Any kink in the system, including natural disasters, can lead to shortages. That’s what happened this year when catastrophic flooding from Hurricane Helene struck a facility owned by the country’s largest IV fluid manufacturer, Baxter International, in North Carolina.
“We need redundancy. We need resilience. We don’t want one manufacturer, in Indonesia or India or China, to be the one group that we rely upon,” Woodcock said. “But the financial system, the purchasing system, in the United States is driving it towards a single or two winners.”
Kesselheim said the tariffs would raise the cost of brand-name drugs, too, although it’s unlikely that patients would notice a difference, as those are already extremely expensive.
That’s different from generic drugs, which are cheaper and are often sold at close to the cost for which they were made, he said.
“Brand-name drugs are sold at monopoly prices, oftentimes hundreds or thousands of times the amount that they cost to produce,” he said. “Those somewhat increased costs of production are unlikely to have a substantial impact.”
With generic drugs, “it could quickly turn around and impact that price that patients pay,” he added.
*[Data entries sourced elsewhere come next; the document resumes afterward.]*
(* The morphism $\mathscr E\to\mathscr X$ induced by $\pi$ is a birational equivalence.
   Context: Let $V_1,\dots,V_n$ be two-dimensional complex vector spaces, $\mathscr V_i=\mathfrak{sl}(V_i)$ with form $\langle A,B\rangle=\tfrac12\operatorname{tr}(AB)$, $\mathscr L$ the affine space of trace-one endomorphisms of $V_1\otimes\cdots\otimes V_n$, identified (Bloch model) with $\bigoplus_{\emptyset\ne I\subseteq\{1,\dots,n\}}\mathscr V_I$, $\mathscr V_I=\bigotimes_{i\in I}\mathscr V_i$, via $\rho=2^{-n}\mathrm{id}+\sum_I\rho_I$ (with $\mathscr V_I$ embedded by tensoring with identities). An X-state is a $\rho\in\mathscr L$ which for some ordered bases $\{e^i_0,e^i_1\}$ of the $V_i$ preserves the span of basis tensors $e^1_{\phi(1)}\otimes\cdots\otimes e^n_{\phi(n)}$ with $\sum\phi(i)$ even and the span of those with $\sum\phi(i)$ odd; $\mathscr X$ is the Zariski closure of the set of X-states with reduced structure. Let $\breve P=\prod_i\breve{\mathbb P}(\mathscr V_i)$, with $\breve{\mathbb P}(\mathscr V_i)$ the open set of lines spanned by $v$ with $\langle v,v\rangle\ne0$. For $\mathfrak B=(\mathscr V_1^\ell,\dots,\mathscr V_n^\ell)\in\breve P$, $\mathscr V_i^t=(\mathscr V_i^\ell)^\perp$, $\mathscr V_I^e$ is spanned by tensors $\bigotimes_{i\in I}x_i$ with each $x_i\in\mathscr V_i^\ell$ or $\mathscr V_i^t$ and an even number transversal, and $X(\mathfrak B)=\bigoplus_{\emptyset\ne I}\mathscr V_I^e$. $\mathscr E\to\breve P$ is the vector subbundle of $\breve P\times\mathscr L$ with fiber $X(\mathfrak B)$ over $\mathfrak B$, and $\pi:\mathscr E\to\mathscr L$ is the projection, whose image lies in $\mathscr X$. *)

From HB Require Import structures.
From mathcomp Require Import all_boot all_order all_algebra.
From mathcomp Require Import reals complex mpoly.
Import GRing.Theory Num.Theory.

Set Implicit Arguments.
Unset Strict Implicit.
Unset Printing Implicit Defensive.

Local Open Scope ring_scope.

(* Conventions:
   - V_i = C^2, so End(V_1 (x) ... (x) V_n) = 'M[C]_(2^n); the standard basis
     vector with index j : 'I_(2^n) is the tensor e_{bit j 0} (x) ... (x)
     e_{bit j (n-1)}.
   - sl(V_i) = traceless 2x2 matrices, <A,B> = tr(AB)/2.
   - A point of P-breve is represented by a vector v in sl2 with <v,v> <> 0
     (the line is span v). *)

Section Defs.
Variable C : fieldType.
Variable n : nat.

Definition bit (j : 'I_(2 ^ n)) (i : 'I_n) : 'I_2 := inord ((j %/ 2 ^ i) %% 2).

Definition parity (j : 'I_(2 ^ n)) : bool := odd (\sum_(i < n) (bit j i : nat)).

Definition tens (B : 'I_n -> 'M[C]_2) : 'M[C]_(2 ^ n) :=
  \matrix_(j, k) \prod_(i < n) B i (bit j i) (bit k i).

Definition in_sl2 (A : 'M[C]_2) : Prop := \tr A = 0.
Definition bform (A B : 'M[C]_2) : C := \tr (A *m B) / 2%:R.

Definition Pbreve_rep (v : 'M[C]_2) : Prop := in_sl2 v /\ bform v v != 0.

Definition longit (v x : 'M[C]_2) : Prop := exists c : C, x = c *: v.
Definition transv (v x : 'M[C]_2) : Prop := in_sl2 x /\ bform v x = 0.

(* generators of X(B) = (+)_{I nonempty} V_I^e, embedded in End(V) by
   tensoring with identities *)
Definition Xgen (b : 'I_n -> 'M[C]_2) (T : 'M[C]_(2 ^ n)) : Prop :=
  exists (I : {set 'I_n}) (t : 'I_n -> bool) (x : 'I_n -> 'M[C]_2),
    [/\ I != set0,
        ~~ odd #|[set i in I | t i]|,
        (forall i, i \notin I -> x i = 1%:M),
        (forall i, i \in I -> if t i then transv (b i) (x i)
                              else longit (b i) (x i))
      & T = tens x].

Definition inspan (P : 'M[C]_(2 ^ n) -> Prop) (T : 'M[C]_(2 ^ n)) : Prop :=
  exists s : seq (C * 'M[C]_(2 ^ n)),
    (forall p, p \in s -> P p.2) /\ T = \sum_(p <- s) p.1 *: p.2.

Definition Xfib (b : 'I_n -> 'M[C]_2) : 'M[C]_(2 ^ n) -> Prop := inspan (Xgen b).

(* the Bloch part sum_I rho_I = rho - 2^{-n} id *)
Definition bloch (rho : 'M[C]_(2 ^ n)) : 'M[C]_(2 ^ n) :=
  rho - (2 ^ n)%:R^-1 *: 1%:M.

(* (b, rho) represents a point (B, rho) of the bundle E (B = (span b_i)_i) *)
Definition in_E (b : 'I_n -> 'M[C]_2) (rho : 'M[C]_(2 ^ n)) : Prop :=
  [/\ forall i, Pbreve_rep (b i), \tr rho = 1 & Xfib b (bloch rho)].

(* X-states: trace one, and for some bases (columns of invertible g_i) rho
   maps each basis tensor into the span of the basis tensors of the same
   parity (i.e. preserves the even span and the odd span) *)
Definition is_Xstate (rho : 'M[C]_(2 ^ n)) : Prop :=
  \tr rho = 1 /\
  exists g : 'I_n -> 'M[C]_2,
    (forall i, g i \in unitmx) /\
    forall j : 'I_(2 ^ n), exists c : 'I_(2 ^ n) -> C,
      rho *m col j (tens g) =
        \sum_(k < 2 ^ n | parity k == parity j) c k *: col k (tens g).

Definition coordL (rho : 'M[C]_(2 ^ n)) : 'I_(2 ^ n * 2 ^ n) -> C :=
  fun j => mxvec rho 0 j.
Definition polyL (p : {mpoly C[2 ^ n * 2 ^ n]}) (rho : 'M[C]_(2 ^ n)) : C :=
  p.@[coordL rho].

(* the Zariski closure X of the set of X-states (closed points) *)
Definition in_X (rho : 'M[C]_(2 ^ n)) : Prop :=
  forall p, (forall s, is_Xstate s -> polyL p s = 0) -> polyL p rho = 0.

Definition coordE (b : 'I_n -> 'M[C]_2) (rho : 'M[C]_(2 ^ n))
  : 'I_(n * (2 * 2) + 2 ^ n * 2 ^ n) -> C :=
  fun j => row_mx (mxvec (\matrix_(i < n) mxvec (b i))) (mxvec rho) 0 j.
Definition polyE (F : {mpoly C[n * (2 * 2) + 2 ^ n * 2 ^ n]})
  (b : 'I_n -> 'M[C]_2) (rho : 'M[C]_(2 ^ n)) : C :=
  F.@[coordE b rho].

Definition ratmap (pb : 'I_n -> 'I_2 -> 'I_2 -> {mpoly C[2 ^ n * 2 ^ n]})
  (q : {mpoly C[2 ^ n * 2 ^ n]}) (rho : 'M[C]_(2 ^ n)) (i : 'I_n) : 'M[C]_2 :=
  \matrix_(a, a') (polyL (pb i a a') rho / polyL q rho).

End Defs.

From HB Require Import structures.
From mathcomp Require Import all_boot all_order all_algebra.
From mathcomp Require Import reals complex mpoly ring.
From mathcomp Require boolp.
Import GRing.Theory Num.Theory.
Local Open Scope ring_scope.
Set Implicit Arguments.
Unset Strict Implicit.
Unset Printing Implicit Defensive.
What concerns Kesselheim the most is that tariffs could cause generic drug prices to skyrocket should more generic drug manufacturers drop out.
“If the tariffs make it so that they no longer feel like they can make a reasonable profit, then they stop selling,” he said. “And either that means that the remaining manufacturers in the market can raise the price even further because they have more market concentration or it means there’s a risk of shortage.”